ASSIGNMENT
Of all the lines in the entries, how many carry the word "Hiso"? The reply is that number and no more.

==========

(* Let $(X,Y,\eta,\mu,\psi,\epsilon,\delta,\phi)$ be a left Frobenius pair in a monoidal category $(\mathfrak{C},\otimes,\mathbbm{1})$, and set $\alpha=\phi\circ\eta\colon\mathbbm{1}\to Y\otimes X$ and $\beta=\epsilon\circ\psi\colon X\otimes Y\to\mathbbm{1}$. Then \[ (\beta\otimes X)\circ(X\otimes\alpha)=\mathrm{id}_X \quad\text{and}\quad (Y\otimes\beta)\circ(\alpha\otimes Y)=\mathrm{id}_Y, \] so $X$ is left dualizable with dual $Y$. Consequently, for all objects $U,V$ of $\mathfrak{C}$ there are bijections, natural in $U$ and $V$, \[ \lambda\colon \operatorname{Hom}_{\mathfrak{C}}(X\otimes U,V)\to\operatorname{Hom}_{\mathfrak{C}}(U,Y\otimes V),\quad \lambda(f)=(Y\otimes f)\circ(\phi\eta\otimes U), \] with inverse $g\mapsto(\epsilon\psi\otimes V)\circ(X\otimes g)$, and \[ \rho\colon \operatorname{Hom}_{\mathfrak{C}}(U\otimes Y,V)\to\operatorname{Hom}_{\mathfrak{C}}(U,V\otimes X),\quad \rho(f)=(f\otimes X)\circ(U\otimes\phi\eta), \] with inverse $g\mapsto(V\otimes\epsilon\psi)\circ(g\otimes Y)$.
   Context: Throughout, $(\mathfrak{C},\otimes,\mathbbm{1})$ is a monoidal category; associativity and unit isomorphisms are suppressed (identifying $\mathbbm{1}\otimes A=A=A\otimes\mathbbm{1}$). A \emph{left Frobenius pair} in $\mathfrak{C}$ consists of objects $X,Y$ and morphisms $\epsilon\colon Y\to\mathbbm{1}$, $\eta\colon\mathbbm{1}\to X$, $\delta\colon Y\to Y\otimes Y$, $\mu\colon X\otimes X\to X$, $\phi\colon X\to Y\otimes X$, $\psi\colon X\otimes Y\to Y$ such that: (1a) $(X,\eta,\mu)$ is an associative unital monoid: $\mu(\mu\otimes X)=\mu(X\otimes\mu)$, $\mu(\eta\otimes X)=\mathrm{id}_X=\mu(X\otimes\eta)$; (1b) $(Y,\epsilon,\delta)$ is a coassociative counital comonoid: $(\delta\otimes Y)\delta=(Y\otimes\delta)\delta$, $(\epsilon\otimes Y)\delta=\mathrm{id}_Y=(Y\otimes\epsilon)\delta$; (2a) $\psi$ is a left $X$-module structure on $Y$: $\psi(\mu\otimes Y)=\psi(X\otimes\psi)$, $\psi(\eta\otimes Y)=\mathrm{id}_Y$; (2b) $\phi$ is a left $Y$-comodule structure on $X$: $(\delta\otimes X)\phi=(Y\otimes\phi)\phi$, $(\epsilon\otimes X)\phi=\mathrm{id}_X$; (3a) $\phi$ is a left $X$-module map: $\phi\circ\mu=(\psi\otimes X)\circ(X\otimes\phi)$; (3b) $\psi$ is a left $Y$-comodule map: $\delta\circ\psi=(Y\otimes\psi)\circ(\phi\otimes Y)$. *)

Set Implicit Arguments.
Unset Strict Implicit.

(** A (not necessarily strict) monoidal category, with explicit associator
    and unitors.  Hom-sets are types, equality of morphisms is Leibniz. *)
Record MonCat : Type := {
  Ob :> Type;
  Hom : Ob -> Ob -> Type;
  comp : forall A B C, Hom B C -> Hom A B -> Hom A C;
  idm : forall A, Hom A A;
  comp_assoc : forall A B C D (h : Hom C D) (g : Hom B C) (f : Hom A B),
    comp h (comp g f) = comp (comp h g) f;
  comp_id_l : forall A B (f : Hom A B), comp (idm B) f = f;
  comp_id_r : forall A B (f : Hom A B), comp f (idm A) = f;

  tens : Ob -> Ob -> Ob;
  tensm : forall A A' B B', Hom A A' -> Hom B B' -> Hom (tens A B) (tens A' B');
  tens_id : forall A B, tensm (idm A) (idm B) = idm (tens A B);
  tens_comp : forall A A' A'' B B' B''
      (f : Hom A' A'') (g : Hom A A') (h : Hom B' B'') (k : Hom B B'),
    tensm (comp f g) (comp h k) = comp (tensm f h) (tensm g k);

  unit : Ob;

  assoc : forall A B C, Hom (tens (tens A B) C) (tens A (tens B C));
  assoc_inv : forall A B C, Hom (tens A (tens B C)) (tens (tens A B) C);
  assoc_iso1 : forall A B C, comp (assoc_inv A B C) (assoc A B C) = idm _;
  assoc_iso2 : forall A B C, comp (assoc A B C) (assoc_inv A B C) = idm _;
  assoc_nat : forall A A' B B' C C' (f : Hom A A') (g : Hom B B') (h : Hom C C'),
    comp (assoc A' B' C') (tensm (tensm f g) h)
    = comp (tensm f (tensm g h)) (assoc A B C);

  lunit : forall A, Hom (tens unit A) A;
  lunit_inv : forall A, Hom A (tens unit A);
  lunit_iso1 : forall A, comp (lunit_inv A) (lunit A) = idm _;
  lunit_iso2 : forall A, comp (lunit A) (lunit_inv A) = idm _;
  lunit_nat : forall A B (f : Hom A B),
    comp (lunit B) (tensm (idm unit) f) = comp f (lunit A);

  runit : forall A, Hom (tens A unit) A;
  runit_inv : forall A, Hom A (tens A unit);
  runit_iso1 : forall A, comp (runit_inv A) (runit A) = idm _;
  runit_iso2 : forall A, comp (runit A) (runit_inv A) = idm _;
  runit_nat : forall A B (f : Hom A B),
    comp (runit B) (tensm f (idm unit)) = comp f (runit A);

  pentagon : forall A B C D,
    comp (assoc A B (tens C D)) (assoc (tens A B) C D)
    = comp (tensm (idm A) (assoc B C D))
        (comp (assoc A (tens B C) D) (tensm (assoc A B C) (idm D)));
  triangle : forall A B,
    comp (tensm (idm A) (lunit B)) (assoc A unit B)
    = tensm (runit A) (idm B)
}.

Arguments Hom {m} _ _.
Arguments comp {m A B C} _ _.
Arguments idm {m} A.
Arguments tens {m} _ _.
Arguments tensm {m A A' B B'} _ _.
Arguments unit {m}.
Arguments assoc {m} A B C.
Arguments assoc_inv {m} A B C.
Arguments lunit {m} A.
Arguments lunit_inv {m} A.
Arguments runit {m} A.
Arguments runit_inv {m} A.

Declare Scope moncat_scope.
Delimit Scope moncat_scope with MC.
Notation "g ∘ f" := (comp g f) (at level 40, left associativity) : moncat_scope.
Notation "A ⊗ B" := (tens A B) (at level 35, right associativity) : moncat_scope.
Notation "f ⊠ g" := (tensm f g) (at level 35, right associativity) : moncat_scope.
Open Scope moncat_scope.

(** Left Frobenius pair (X, Y, eta, mu, psi, eps, delta, phi); the suppressed
    associativity/unit isomorphisms of the paper are inserted explicitly. *)
Record LeftFrobeniusPair (C : MonCat) (X Y : C)
    (eps : Hom Y unit) (eta : Hom unit X) (delta : Hom Y (Y ⊗ Y))
    (mu : Hom (X ⊗ X) X) (phi : Hom X (Y ⊗ X)) (psi : Hom (X ⊗ Y) Y) : Prop := {
  lfp_mu_assoc : mu ∘ (mu ⊠ idm X) = mu ∘ (idm X ⊠ mu) ∘ assoc X X X;
  lfp_mu_unit_l : mu ∘ (eta ⊠ idm X) = lunit X;
  lfp_mu_unit_r : mu ∘ (idm X ⊠ eta) = runit X;
  lfp_delta_coassoc : assoc Y Y Y ∘ (delta ⊠ idm Y) ∘ delta = (idm Y ⊠ delta) ∘ delta;
  lfp_delta_counit_l : (eps ⊠ idm Y) ∘ delta = lunit_inv Y;
  lfp_delta_counit_r : (idm Y ⊠ eps) ∘ delta = runit_inv Y;
  lfp_psi_assoc : psi ∘ (mu ⊠ idm Y) = psi ∘ (idm X ⊠ psi) ∘ assoc X X Y;
  lfp_psi_unit : psi ∘ (eta ⊠ idm Y) = lunit Y;
  lfp_phi_coassoc : assoc Y Y X ∘ (delta ⊠ idm X) ∘ phi = (idm Y ⊠ phi) ∘ phi;
  lfp_phi_counit : (eps ⊠ idm X) ∘ phi = lunit_inv X;
  lfp_phi_linear : phi ∘ mu = (psi ⊠ idm X) ∘ assoc_inv X Y X ∘ (idm X ⊠ phi);
  lfp_psi_colinear : delta ∘ psi = (idm Y ⊠ psi) ∘ assoc Y X Y ∘ (phi ⊠ idm Y)
}.

Definition lam_map (C : MonCat) (X Y U V : C) (alpha : Hom unit (Y ⊗ X))
    (f : Hom (X ⊗ U) V) : Hom U (Y ⊗ V) :=
  (idm Y ⊠ f) ∘ assoc Y X U ∘ (alpha ⊠ idm U) ∘ lunit_inv U.

Definition lam_inv (C : MonCat) (X Y U V : C) (beta : Hom (X ⊗ Y) unit)
    (g : Hom U (Y ⊗ V)) : Hom (X ⊗ U) V :=
  lunit V ∘ (beta ⊠ idm V) ∘ assoc_inv X Y V ∘ (idm X ⊠ g).

Definition rho_map (C : MonCat) (X Y U V : C) (alpha : Hom unit (Y ⊗ X))
    (f : Hom (U ⊗ Y) V) : Hom U (V ⊗ X) :=
  (f ⊠ idm X) ∘ assoc_inv U Y X ∘ (idm U ⊠ alpha) ∘ runit_inv U.

Definition rho_inv (C : MonCat) (X Y U V : C) (beta : Hom (X ⊗ Y) unit)
    (g : Hom U (V ⊗ X)) : Hom (U ⊗ Y) V :=
  runit V ∘ (idm V ⊠ beta) ∘ assoc V X Y ∘ (g ⊠ idm Y).


(** The proof has two independent halves.
    - Frobenius half: the zig-zag identities for (alpha, beta) follow from the
      module-map axiom (3a) resp. comodule-map axiom (3b) together with the
      unit/counit axioms, e.g. (beta ⊗ X)(X ⊗ alpha) = (eps ⊗ X) phi mu (X ⊗ eta)
      = (eps ⊗ X) phi = id.
    - Duality half: for ANY alpha, beta satisfying the zig-zag identities the
      maps lambda and rho are mutually inverse with the stated inverses, and
      they are natural in U and V (naturality needs no hypothesis at all). *)

Ltac reassoc :=
  repeat rewrite <- comp_assoc; rewrite ?tens_id, ?comp_id_l, ?comp_id_r.

(** Re-bracket the right-nested chain [L] so that it occurs as a left-nested
    subterm, ready to be rewritten. *)
Ltac group_chain L :=
  lazymatch L with
  | ?x ∘ ?r => group_chain r; try rewrite (comp_assoc x r)
  | _ => idtac
  end.

(** Rewrite the goal with the equation [H] whose left-hand side may occur
    anywhere inside a composite, regardless of bracketing. *)
Ltac rw_chain H :=
  let H' := fresh in
  pose proof H as H'; repeat rewrite <- comp_assoc in H'; rewrite ?tens_id in H';
  reassoc;
  match type of H' with ?L = _ => group_chain L end;
  rewrite H'; clear H'; reassoc.

Lemma precomp_eq {C : MonCat} {A B D E : C} {f : Hom A B} {g : Hom D A} {h : Hom D B}
  (H : f ∘ g = h) (k : Hom E D) : f ∘ (g ∘ k) = h ∘ k.
Proof. rewrite comp_assoc, H. reflexivity. Qed.

Lemma tens_comp_l {C : MonCat} (A : C) {B B' D : C} (f : Hom B' D) (g : Hom B B') :
  (f ∘ g) ⊠ idm A = (f ⊠ idm A) ∘ (g ⊠ idm A).
Proof. rewrite <- tens_comp, comp_id_l. reflexivity. Qed.

Lemma tens_comp_r {C : MonCat} (A : C) {B B' D : C} (f : Hom B' D) (g : Hom B B') :
  idm A ⊠ (f ∘ g) = (idm A ⊠ f) ∘ (idm A ⊠ g).
Proof. rewrite <- tens_comp, comp_id_l. reflexivity. Qed.

Lemma tens_split_lr {C : MonCat} {A A' B B' : C} (f : Hom A A') (g : Hom B B') :
  (f ⊠ idm B') ∘ (idm A ⊠ g) = f ⊠ g.
Proof. rewrite <- tens_comp, comp_id_l, comp_id_r. reflexivity. Qed.

Lemma tens_split_rl {C : MonCat} {A A' B B' : C} (f : Hom A A') (g : Hom B B') :
  (idm A' ⊠ g) ∘ (f ⊠ idm B) = f ⊠ g.
Proof. rewrite <- tens_comp, comp_id_l, comp_id_r. reflexivity. Qed.

Lemma tens_comp_l_chain {C : MonCat} (A : C) {B B' D E : C}
    (f : Hom B' D) (g : Hom B B') (k : Hom E (B ⊗ A)) :
  (f ⊠ idm A) ∘ ((g ⊠ idm A) ∘ k) = ((f ∘ g) ⊠ idm A) ∘ k.
Proof. rewrite tens_comp_l, comp_assoc. reflexivity. Qed.

Lemma tens_comp_r_chain {C : MonCat} (A : C) {B B' D E : C}
    (f : Hom B' D) (g : Hom B B') (k : Hom E (A ⊗ B)) :
  (idm A ⊠ f) ∘ ((idm A ⊠ g) ∘ k) = (idm A ⊠ (f ∘ g)) ∘ k.
Proof. rewrite tens_comp_r, comp_assoc. reflexivity. Qed.

(** Cancel adjacent structure isomorphisms against their inverses and merge
    adjacent whiskerings, anywhere in a right-nested chain. *)
Ltac cancel_isos :=
  repeat progress (reassoc;
    rewrite ?assoc_iso1, ?assoc_iso2, ?lunit_iso1, ?lunit_iso2, ?runit_iso1, ?runit_iso2,
      ?(precomp_eq (assoc_iso1 _ _ _)), ?(precomp_eq (assoc_iso2 _ _ _)),
      ?(precomp_eq (lunit_iso1 _)), ?(precomp_eq (lunit_iso2 _)),
      ?(precomp_eq (runit_iso1 _)), ?(precomp_eq (runit_iso2 _)),
      <- ?tens_comp_l, <- ?tens_comp_r, ?tens_comp_l_chain, ?tens_comp_r_chain).

Lemma inverse_unique {C : MonCat} {A B : C} {f g : Hom A B} {f' g' : Hom B A} :
  f = g -> f' ∘ f = idm A -> g ∘ g' = idm B -> f' = g'.
Proof.
  intros E H1 H2. subst g.
  rewrite <- (comp_id_r f'), <- H2, comp_assoc, H1, comp_id_l. reflexivity.
Qed.

Lemma assoc_inv_nat {C : MonCat} {A A' B B' D D' : C}
    (f : Hom A A') (g : Hom B B') (h : Hom D D') :
  assoc_inv A' B' D' ∘ (f ⊠ (g ⊠ h)) = ((f ⊠ g) ⊠ h) ∘ assoc_inv A B D.
Proof.
  rewrite <- (comp_id_r (assoc_inv A' B' D' ∘ _)), <- (assoc_iso2 A B D). reassoc.
  rw_chain (eq_sym (assoc_nat f g h)). rw_chain (assoc_iso1 A' B' D'). reflexivity.
Qed.

Lemma lunit_inv_nat {C : MonCat} {A B : C} (f : Hom A B) :
  (idm unit ⊠ f) ∘ lunit_inv A = lunit_inv B ∘ f.
Proof.
  rewrite <- (comp_id_l (_ ∘ lunit_inv A)), <- (lunit_iso1 B). reassoc.
  rw_chain (lunit_nat f). rw_chain (lunit_iso2 A). reflexivity.
Qed.

Lemma runit_inv_nat {C : MonCat} {A B : C} (f : Hom A B) :
  (f ⊠ idm unit) ∘ runit_inv A = runit_inv B ∘ f.
Proof.
  rewrite <- (comp_id_l (_ ∘ runit_inv A)), <- (runit_iso1 B). reassoc.
  rw_chain (runit_nat f). rw_chain (runit_iso2 A). reflexivity.
Qed.

Lemma lunit_whisker_faithful {C : MonCat} (A B : C) (f g : Hom A B) :
  idm unit ⊠ f = idm unit ⊠ g -> f = g.
Proof.
  intro H.
  rewrite <- (comp_id_r f), <- (comp_id_r g), <- (lunit_iso2 A).
  rewrite !comp_assoc, <- !lunit_nat, H. reflexivity.
Qed.

Lemma runit_whisker_faithful {C : MonCat} (A B : C) (f g : Hom A B) :
  f ⊠ idm unit = g ⊠ idm unit -> f = g.
Proof.
  intro H.
  rewrite <- (comp_id_r f), <- (comp_id_r g), <- (runit_iso2 A).
  rewrite !comp_assoc, <- !runit_nat, H. reflexivity.
Qed.

(** ** Kelly's coherence identities

    The left unitor of A ⊗ B is the left unitor of A tensored with B, and
    dually for the right unitor; both follow from the pentagon and triangle
    axioms after whiskering with the unit object. *)

Lemma kelly_lunit {C : MonCat} (A B : C) :
  lunit (A ⊗ B) ∘ assoc unit A B = lunit A ⊠ idm B.
Proof.
  apply lunit_whisker_faithful.
  assert (Hiso : (assoc unit (unit ⊗ A) B ∘ (assoc unit unit A ⊠ idm B)) ∘
                 ((assoc_inv unit unit A ⊠ idm B) ∘ assoc_inv unit (unit ⊗ A) B) = idm _)
    by (cancel_isos; reflexivity).
  rewrite <- (comp_id_r (idm unit ⊠ (lunit (A ⊗ B) ∘ assoc unit A B))),
          <- (comp_id_r (idm unit ⊠ (lunit A ⊠ idm B))), <- Hiso, !comp_assoc.
  f_equal.
  rewrite tens_comp_r. reassoc.
  rw_chain (eq_sym (pentagon unit unit A B)).
  rw_chain (triangle unit (A ⊗ B)).
  rw_chain (eq_sym (assoc_nat (runit unit) (idm A) (idm B))).
  rw_chain (eq_sym (triangle unit A)).
  rw_chain (tens_comp_l B (idm unit ⊠ lunit A) (assoc unit unit A)).
  rw_chain (assoc_nat (idm unit) (lunit A) (idm B)).
  reflexivity.
Qed.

==========

TASK RESULT
2